CPU times: user 992 µs, sys: 15 µs, total: 1.01 ms
Wall time: 1.25 ms


tensor(14)

In [None]:
%%time
torch.matmul(tensor, tensor)

CPU times: user 33 µs, sys: 5 µs, total: 38 µs
Wall time: 40.8 µs


tensor(14)

#### One of the most common errors in deep learning (shape errors)

Because much of deep learning is multiplying and performing operations on matrices and matrices have a strict rule about what shapes and sizes can be combined, one of the most common errors you'll run into in deep learning is shape mismatches.

We can make matrix multiplication work between tensor_A and tensor_B by making their inner dimensions match.

One of the ways to do this is with a transpose (switch the dimensions of a given tensor).

You can perform transposes in PyTorch using either:

torch.transpose(input, dim0, dim1) - where input is the desired tensor to transpose and dim0 and dim1 are the dimensions to be swapped.
tensor.T - where tensor is the desired tensor to transpose.

In [None]:
tensor_A = torch.tensor([[1, 2],
                         [3, 4],
                         [5, 6]], dtype=torch.float32)
tensor_B = torch.tensor([[7, 10],
                         [8, 11],
                         [9, 12]], dtype=torch.float32)
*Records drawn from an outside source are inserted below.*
End Isomorphisms.

Definition subtree {M : Type} (N : M -> Prop) (Q : M -> M -> Prop) (y : M) : M -> Prop :=
  fun w => N w /\ below M Q y w.

Record coding_tree {M : Type} (N : M -> Prop) (Q : M -> M -> Prop) (a : M) : Prop := {
  ct_root : N a;
  ct_dist : forall z, N z -> exists! n, Rdist M Q a z n;
  ct_siblings : forall x y z, y <> z -> Q y x -> Q z x ->
    ~ isomorphic M (subtree N Q y) Q (subtree N Q z) Q;
  ct_levels : forall y z n, y <> z -> N y -> N z -> Rdist M Q a y n -> Rdist M Q a z n ->
    forall v, Q v y -> ~ Q v z;
  ct_edges : forall u v, Q u v -> N u /\ N v }.

Arguments ct_root {M N Q a}.
Arguments ct_dist {M N Q a}.
Arguments ct_siblings {M N Q a}.
Arguments ct_levels {M N Q a}.
Arguments ct_edges {M N Q a}.

(* A first-order substitute for [subtree N Q x], whose definition through [below] is not
   expressible by a formula of class theory. *)
Definition rooted_downset {M : Type} (N : M -> Prop) (Q : M -> M -> Prop) (D : M -> Prop) (x : M)
  : Prop :=
  (forall w, D w -> N w) /\ D x /\ (forall u v, Q u v -> D v -> D u) /\
  (forall u, D u -> u <> x -> exists v, D v /\ Q u v).

Section Below.
Context {M : Type} {Q : M -> M -> Prop}.

Lemma below_trans x y w : below M Q x y -> below M Q y w -> below M Q x w.
Proof. intros Hxy Hyw. induction Hyw; [assumption | econstructor; eauto]. Qed.

Lemma below_root_of_Rdist a z n : Rdist M Q a z n -> below M Q a z.
Proof. intros H. induction H; econstructor; eauto. Qed.

Lemma Rdist_below a x w n : Rdist M Q a x n -> below M Q x w -> exists k, Rdist M Q a w (k + n).
Proof.
  intros Hx Hb. induction Hb.
  - exists 0. exact Hx.
  - destruct IHHb as [k Hk]. exists (S k). econstructor; eauto.
Qed.

Lemma below_child y u : below M Q y u -> u <> y -> exists c, Q c y /\ below M Q c u.
Proof.
  intros Hb. induction Hb as [|w v Hwv Hb IH]; intros Hne; [contradiction|].
  destruct (classic (v = y)) as [->|Hvy].
  - exists w. split; [assumption | constructor].
  - destruct (IH Hvy) as [c [Hcy Hcv]]. exists c. split; [|econstructor]; eauto.
Qed.

End Below.

Section CodingTree.
Context {M : Type} {N : M -> Prop} {Q : M -> M -> Prop} {a : M} (T : coding_tree N Q a).

Lemma dist_exists z : N z -> exists n, Rdist M Q a z n.
Proof. intros Hz. destruct (ct_dist T z Hz) as [n [Hn _]]. eauto. Qed.

Lemma dist_unique z n m : N z -> Rdist M Q a z n -> Rdist M Q a z m -> n = m.
Proof.
  intros Hz Hn Hm. destruct (ct_dist T z Hz) as [k [_ Hk]].
  rewrite <- (Hk n Hn), <- (Hk m Hm). reflexivity.
Qed.

Lemma parent_not_below u v : Q u v -> below M Q u v -> False.
Proof.
  intros Huv Hb. destruct (ct_edges T u v Huv) as [Hu _].
  destruct (dist_exists u Hu) as [n Hn].
  destruct (Rdist_below _ _ _ _ Hn Hb) as [k Hk].
  assert (Rdist M Q a u (S (k + n))) by (econstructor; eauto).
  pose proof (dist_unique u _ _ Hu Hn H). lia.
Qed.

Lemma parent_unique u v v' : Q u v -> Q u v' -> v = v'.
Proof.
  intros Hv Hv'. apply NNPP; intros Hne.
  destruct (ct_edges T u v Hv) as [Hu HNv].
  destruct (ct_edges T u v' Hv') as [_ HNv'].
  destruct (dist_exists v HNv) as [m Hm], (dist_exists v' HNv') as [m' Hm'].
  assert (Hmm : S m = S m')
    by exact (dist_unique u _ _ Hu (RdistS _ _ _ _ _ _ Hv Hm) (RdistS _ _ _ _ _ _ Hv' Hm')).
  injection Hmm as <-.
  exact (ct_levels T v v' m Hne HNv HNv' Hm Hm' u Hv Hv').
Qed.

Lemma siblings_eq_of_isomorphic x y z :
  Q y x -> Q z x -> isomorphic M (subtree N Q y) Q (subtree N Q z) Q -> y = z.
Proof.
  intros Hy Hz Hiso. apply NNPP; intros Hne. exact (ct_siblings T x y z Hne Hy Hz Hiso).
Qed.

Lemma subtree_root x : N x <-> subtree N Q a x.
Proof.
  split; [|intros [Hx _]; exact Hx]. intros Hx. split; [exact Hx|].
  destruct (dist_exists x Hx) as [n Hn]. exact (below_root_of_Rdist _ _ _ Hn).
Qed.

Lemma rooted_downset_of_subtree D x :
  N x -> (forall w, D w <-> subtree N Q x w) -> rooted_downset N Q D x.
Proof.
  intros Hx E. refine (conj _ (conj _ (conj _ _))).
  - intros w Hw. apply E, Hw.
  - apply E. split; [exact Hx | constructor].
  - intros u v Huv Hv. apply E in Hv. destruct Hv as [_ Hb]. apply E.
    split; [exact (proj1 (ct_edges T u v Huv)) | econstructor; eauto].
  - intros u Hu Hne. apply E in Hu. destruct Hu as [_ Hb].
    destruct Hb as [|u v Huv Hb]; [contradiction|].
    exists v. split; [apply E; split|]; auto. exact (proj2 (ct_edges T u v Huv)).
Qed.

(* Induct on the distance of [w] from the root: an element of [D] other than [x] has its
   parent in [D], and that parent is unique; the root itself can lie in [D] only as [x]. *)
Lemma subtree_of_rooted_downset D x :
  rooted_downset N Q D x -> forall w, D w <-> subtree N Q x w.
Proof.
  intros (Hdom & Hx & Hdown & Hparent) w. split.
  - intros Hw. split; [auto|]. destruct (dist_exists w (Hdom w Hw)) as [n Hn].
    revert Hw. induction Hn as [|u v n Huv Hv IH]; intros Hu.
    + destruct (classic (a = x)) as [<-|Hne]; [constructor|].
      destruct (Hparent a Hu Hne) as [v [Hv Hav]]. exfalso.
      destruct (dist_exists v (Hdom v Hv)) as [m Hm].
      pose proof (dist_unique a 0 (S m) (Hdom a Hu) (Rdist0 _ _ _) (RdistS _ _ _ _ _ _ Hav Hm)).
      discriminate.
    + destruct (classic (u = x)) as [->|Hne]; [constructor|].
      destruct (Hparent u Hu Hne) as [v' [Hv' Huv']].
      rewrite (parent_unique u v v' Huv Huv') in *. econstructor; eauto.
  - intros [_ Hb]. induction Hb; [assumption|]. eauto.
Qed.

End CodingTree.

Section TwoCodingTrees.
Context {M : Type} {N1 N2 : M -> Prop} {Q1 Q2 : M -> M -> Prop} {a1 a2 : M}
  (T1 : coding_tree N1 Q1 a1) (T2 : coding_tree N2 Q2 a2).

Lemma subtree_iso_root y z h :
  N1 y -> N2 z -> is_iso M (subtree N1 Q1 y) Q1 (subtree N2 Q2 z) Q2 h -> h y = z.
Proof.
  intros Hy Hz (Hmap & _ & Hsurj & Hrel).
  destruct (Hsurj z (conj Hz (below0 _ _ _))) as [x [[Hx Hb] <-]].
  destruct Hb as [|x v Hxv Hb]; [reflexivity|exfalso].
  assert (Dv : subtree N1 Q1 y v) by (split; [exact (proj2 (ct_edges T1 x v Hxv)) | exact Hb]).
  apply (parent_not_below T2 (h x) (h v)).
  - apply (Hrel x v); [split; [exact Hx | econstructor; eauto] | exact Dv | exact Hxv].
  - exact (proj2 (Hmap v Dv)).
Qed.

Lemma subtree_iso_restrict y z h u :
  is_iso M (subtree N1 Q1 y) Q1 (subtree N2 Q2 z) Q2 h -> N1 u -> below M Q1 y u ->
  is_iso M (subtree N1 Q1 u) Q1 (subtree N2 Q2 (h u)) Q2 h.
Proof.
  intros (Hmap & Hinj & Hsurj & Hrel) Hu Hyu.
  assert (Inc : forall w, subtree N1 Q1 u w -> subtree N1 Q1 y w).
  { intros w [Hw Hb]. split; [exact Hw | exact (below_trans _ _ _ Hyu Hb)]. }
  refine (conj _ (conj _ (conj _ _))).
  - intros x Hx. split; [exact (proj1 (Hmap x (Inc x Hx)))|].
    destruct Hx as [Hx Hb]. induction Hb as [|w v Hwv Hb IH]; [constructor|].
    destruct (ct_edges T1 w v Hwv) as [_ Hv].
    econstructor; [|exact (IH Hv)].
    apply (Hrel w v); [| apply Inc; split; auto | exact Hwv].
    apply Inc. split; [|econstructor]; eauto.
  - intros x x' Hx Hx'. apply Hinj; apply Inc; assumption.
  - intros v [Hv Hb]. induction Hb as [|w v Hwv Hb IH].
    + exists u. split; [split; [exact Hu | constructor] | reflexivity].
    + destruct (ct_edges T2 w v Hwv) as [Hw HNv].
      destruct (IH HNv) as [x1 [Hx1 <-]].
      assert (D2w : subtree N2 Q2 z w).
      { split; [exact Hw|]. apply (below_trans _ (h u)); [exact (proj2 (Hmap u (conj Hu Hyu)))|].
        econstructor; eauto. }
      destruct (Hsurj w D2w) as [x [Dx <-]].
      exists x. split; [|reflexivity]. split; [exact (proj1 Dx)|].
      apply (Hrel x x1 Dx (Inc x1 Hx1)) in Hwv. econstructor; [exact Hwv | exact (proj2 Hx1)].
  - intros x x' Hx Hx'. apply Hrel; apply Inc; assumption.
Qed.

(* Rigidity: since siblings of [T2] have non-isomorphic subtrees, two isomorphisms must send
   each child of a vertex to the same child. *)
Lemma subtree_iso_unique c w g1 g2 :
  N1 c -> N2 w ->
  is_iso M (subtree N1 Q1 c) Q1 (subtree N2 Q2 w) Q2 g1 ->
  is_iso M (subtree N1 Q1 c) Q1 (subtree N2 Q2 w) Q2 g2 ->
  forall u, subtree N1 Q1 c u -> g1 u = g2 u.
Proof.
  intros Hc Hw I1 I2 u [Hu Hb].
  pose proof I1 as (_ & _ & _ & Rel1). pose proof I2 as (_ & _ & _ & Rel2).
  induction Hb as [|u v Huv Hb IH].
  - rewrite (subtree_iso_root c w g1), (subtree_iso_root c w g2); auto.
  - destruct (ct_edges T1 u v Huv) as [_ Hv].
    assert (Du : subtree N1 Q1 c u) by (split; [|econstructor]; eauto).
    assert (Dv : subtree N1 Q1 c v) by (split; auto).
    pose proof (proj1 (Rel1 u v Du Dv) Huv) as E1.
    pose proof (proj1 (Rel2 u v Du Dv) Huv) as E2.
    rewrite (IH Hv) in E1.
    apply (siblings_eq_of_isomorphic T2 (g2 v)); [exact E1 | exact E2|].
    exact (isomorphic_images _ _ _ _ _ _ _ _
      (subtree_iso_restrict c w g1 u I1 Hu (proj2 Du))
      (subtree_iso_restrict c w g2 u I2 Hu (proj2 Du))).
Qed.

End TwoCodingTrees.

Section KuratowskiPairs.
Context {M : Type} {mem : M -> M -> Prop}.
Hypothesis pairing : forall u v, exists d, forall t, mem t d <-> t = u \/ t = v.
Hypothesis extensionality : forall x y, (forall z, mem z x <-> mem z y) -> x = y.

Lemma is_pair_inj x y x' y' p :
  is_pair M mem x y p -> is_pair M mem x' y' p -> x = x' /\ y = y'.
Proof.
  intros H1 H2.
  destruct (pairing x x) as [s Hs].
  assert (Hsp : mem s p) by (apply H1; left; intros t; rewrite Hs; tauto).
  assert (x = x') as <-.
  { apply H2 in Hsp. destruct Hsp as [K|K]; specialize (K x'); rewrite Hs in K; symmetry; tauto. }
  split; [reflexivity|].
  destruct (pairing x y) as [t Ht], (pairing x y') as [t' Ht'].
  assert (Htp : mem t p) by (apply H1; right; intros q; rewrite Ht; tauto).
  assert (Htp' : mem t' p) by (apply H2; right; intros q; rewrite Ht'; tauto).
  apply H2 in Htp. apply H1 in Htp'.
  specialize (Ht y). specialize (Ht' y').
  destruct Htp as [K|K], Htp' as [K'|K']; specialize (K y); specialize (K' y');
    rewrite Ht in K; rewrite Ht' in K'; intuition congruence.
Qed.

Lemma is_pair_exists x y : exists p, is_pair M mem x y p.
Proof.
  destruct (pairing x x) as [s Hs], (pairing x y) as [e He], (pairing s e) as [p Hp].
  exists p. intros w. rewrite Hp. split.
  - intros [-> | ->]; [left | right]; intros t; [rewrite Hs | rewrite He]; tauto.
  - intros [K|K]; [left | right]; apply extensionality; intros t; rewrite K;
      [rewrite Hs | rewrite He]; tauto.
Qed.

End KuratowskiPairs.

Lemma zfc_pairing {M : Type} (mem : M -> M -> Prop) (C : (M -> Prop) -> Prop) :
  zfc_model M mem C -> forall u v, exists d, forall t, mem t d <-> t = u \/ t = v.
Proof.
  intros (_ & _ & Hpair & _ & _ & _ & Hsep & _) u v.
  destruct (Hpair u v) as [c [Hu Hv]].
  destruct (Hsep (FNot (FAnd (FNot (FEq 0 1)) (FNot (FEq 0 2)))) (scons u (scons v (fun _ => u)))
     (fun _ _ => True) eq_refl c) as [b Hb].
  exists b. intros t. rewrite Hb. simpl. split.
  - tauto.
  - intros [-> | ->]; tauto.
Qed.

Lemma coding_tree_of_coding_pair {M : Type} (mem : M -> M -> Prop) (C : (M -> Prop) -> Prop) N R :
  (forall u v, exists d, forall t, mem t d <-> t = u \/ t = v) ->
  coding_pair M mem C N R -> exists a, coding_tree N (crel M mem R) a.
Proof.
  intros Hpairing (_ & _ & Hpairs & a & Ha & Hdist & Hsib & Hlev & _).
  exists a. split; auto.
  intros u v [p [Hp HR]]. destruct (Hpairs p HR) as [x [y [Hxy [Hx Hy]]]].
  destruct (is_pair_inj Hpairing _ _ _ _ _ Hp Hxy) as [-> ->]. auto.
Qed.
torch.mm(tensor_A, tensor_B)
# error - size unmatched.

RuntimeError: mat1 and mat2 shapes cannot be multiplied (3x2 and 3x2)
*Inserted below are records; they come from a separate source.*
Lemma metacyc_pres_expb_mod j x j' x' :
  b ^+ j * a ^+ x = b ^+ j' * a ^+ x' -> j = j' %[mod t].
Proof.
have [f [fa fb]] := model_morphism.
have fE i z : f (b ^+ i * a ^+ z) = (mY k n_gt0 t_gt0 rt ^+ i * mX n_gt0 t_gt0 ^+ z)%g.
  by rewrite morphM ?groupX // !morphX // fa fb.
move=> /(congr1 (fun g => val ((f g) (mpt n_gt0 t_gt0 0 0)).1)).
by rewrite !fE !mY_proj.
Qed.

End Presentation.

Lemma mem_norm_gen (gT : finGroupType) (A : {set gT}) x :
  {in A, forall y, y ^ x \in <<A>>} -> x \in 'N(<<A>>).
Proof.
move=> AxA; rewrite inE -genJ gen_subG; apply/subsetP => z.
by rewrite mem_conjg => /AxA; rewrite conjgKV.
Qed.

Lemma mem_expg_dvdn (gT : finGroupType) (K : {group gT}) (x : gT) m :
  0 < m -> (x ^+ m \in K) ->
  exists d, [/\ 0 < d, d %| m & forall j, (x ^+ j \in K) = (d %| j)].
Proof.
move=> m_gt0 xmK; have exP : exists j, (0 < j) && (x ^+ j \in K).
  by exists m; rewrite m_gt0.
case: (ex_minnP exP) => d /andP[d_gt0 xdK] d_min.
suff xjK j : (x ^+ j \in K) = (d %| j) by exists d; rewrite -xjK.
apply/idP/idP => [xjK|/dvdnP[q ->]]; last by rewrite mulnC expgM groupX.
have : (x ^+ (j %% d) \in K).
  by move: xjK; rewrite {1}(divn_eq j d) expgD groupMl // mulnC expgM groupX.
case: (posnP (j %% d)) => [/eqP //|jd_gt0 xjdK].
by have := d_min _ (introT andP (conj jd_gt0 xjdK)); rewrite leqNgt ltn_pmod.
Qed.

Lemma Hvic_expa (gT : finGroupType) (a b : gT) v i c : a ^+ v \in Hvic a b v i c.
Proof. by rewrite mem_gen ?setU11. Qed.

Lemma Hvic_expab (gT : finGroupType) (a b : gT) v i c :
  a ^+ i * b ^+ c \in Hvic a b v i c.
Proof. by rewrite mem_gen // !inE eqxx orbT. Qed.

Section MetacyclicGroup.

Variables (n t k r : nat) (gT : finGroupType) (G : {group gT}) (a b : gT).
Hypotheses (n_gt0 : 0 < n) (t_gt0 : 0 < t) (rt : (r ^ t = 1 %[mod n])%N).
Hypotheses (genG : <<[set a; b]>> = G) (bt : b ^+ t = a ^+ k) (ab : a ^ b = a ^+ r).
Hypothesis order_a : #[a] = n.
Hypothesis expb_mod :
  forall j x j' x', b ^+ j * a ^+ x = b ^+ j' * a ^+ x' -> (j = j' %[mod t])%N.

Let aG : a \in G. Proof. by rewrite -genG mem_gen ?setU11. Qed.
Let bG : b \in G. Proof. by rewrite -genG mem_gen // !inE eqxx orbT. Qed.

Lemma normal_gen2 (H : {group gT}) :
  H \subset G -> a \in 'N(H) -> b \in 'N(H) -> H <| G.
Proof.
by move=> sHG aN bN; rewrite /normal sHG -genG gen_subG subUset !sub1set aN bN.
Qed.

Lemma conjg_expb c : a ^ (b ^+ c) = a ^+ (r ^ c).
Proof.
elim: c => [|c IHc]; first by rewrite conjg1 expg1.
by rewrite expgSr conjgM IHc conjXg ab -expgM -expnS.
Qed.

Lemma expa_expb x c : a ^+ x * b ^+ c = b ^+ c * a ^+ (x * r ^ c).
Proof. by rewrite conjgC conjXg conjg_expb -expgM mulnC. Qed.

Lemma cycle_expa_normal v : <[a ^+ v]> <| G.
Proof.
apply: normal_gen2; first by rewrite cycle_subG groupX.
  by rewrite -cycle_subG norms_cycle conjXg conjgE mulKg cycle_id.
by rewrite -cycle_subG norms_cycle conjXg ab -expgM mulnC expgM mem_cycle.
Qed.

Lemma cycle_normal : <[a]> <| G.
Proof. by rewrite -[a]expg1 cycle_expa_normal. Qed.

Lemma mem_expb_expa g : g \in G -> exists j x, g = b ^+ j * a ^+ x.
Proof.
have -> : G :=: <[b]> * <[a]>.
  rewrite -norm_joinEl; first by rewrite joingC -genG joing_idl joing_idr.
  by rewrite cycle_subG (subsetP (normal_norm cycle_normal)).
by case/mulsgP => _ _ /cycleP[j ->] /cycleP[x ->] ->; exists j, x.
Qed.

Lemma mem_cycle_expa v x : (v %| n)%N -> (a ^+ x \in <[a ^+ v]>) = (v %| x)%N.
Proof.
move=> vn; apply/idP/idP => [/cycleP[y /eqP]|/dvdnP[q ->]].
  rewrite -expgM eq_expg_mod_order order_a => /eqP vyx.
  by rewrite /dvdn -(modn_dvdm x vn) vyx modn_dvdm // modnMr.
by rewrite mulnC expgM mem_cycle.
Qed.

Lemma expa_mulV_mem (K : {group gT}) v x y :
  (v %| n)%N -> (forall j, (a ^+ j \in K) = (v %| j)%N) ->
  (a ^+ x * (a ^+ y)^-1 \in K) = (x == y %[mod v]).
Proof.
move=> vn aK; rewrite -expVgn invg_expg order_a -expgM -expgD aK /dvdn.
by rewrite -(eqn_modDr (n.-1 * y)) -mulSn prednK // (eqP (dvdn_mulr y vn)).
Qed.

Lemma expg_expab i c v m : (r ^ c = 1 %[mod v])%N ->
  exists2 S, (a ^+ i * b ^+ c) ^+ m = b ^+ (c * m) * a ^+ S & (S = i * m %[mod v])%N.
Proof.
move=> rc; have mul_rc x : (x * r ^ c = x %[mod v])%N.
  by rewrite -modnMmr rc modnMmr muln1.
elim: m => [|m [S wmE Si]]; first by exists 0%N; rewrite ?muln0 ?expg0 ?mulg1.
exists (S * r ^ c + i * r ^ c)%N.
  rewrite expgSr wmE -mulgA [a ^+ S * _]mulgA -expgD expa_expb mulgA -expgD.
  by rewrite -mulnSr mulnDl.
by rewrite mulnSr -modnDm !mul_rc modnDm -modnDml Si modnDml.
Qed.

Lemma Hvic_mulE v i c : Hvic a b v i c :=: <[a ^+ v]> * <[a ^+ i * b ^+ c]>.
Proof.
rewrite -norm_joinEr; first by rewrite /Hvic /= joing_idl joing_idr.
by rewrite cycle_subG (subsetP (normal_norm (cycle_expa_normal v))) ?groupM ?groupX.
Qed.

Lemma mem_Hvic v i c x : (r ^ c = 1 %[mod v])%N -> x \in Hvic a b v i c ->
  exists z m, exists2 S, x = a ^+ (v * z) * (b ^+ (c * m) * a ^+ S) &
                         (S = i * m %[mod v])%N.
Proof.
move=> rc; rewrite Hvic_mulE => /mulsgP[_ _ /cycleP[z ->] /cycleP[m ->] ->].
have [S wmE Si] := expg_expab i m rc.
by exists z, m, S; rewrite // -expgM wmE.
Qed.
one way to fix this is to use the transpose.

*  torch.transpose(input, dim0, dim1) - where input is the desired tensor to transpose and dim0 and dim1 are the dimensions to be swapped.
*   tensor.T - where tensor is the desired tensor to transpose.



In [None]:
tensor_BT = torch.transpose(tensor_B, 0, 1)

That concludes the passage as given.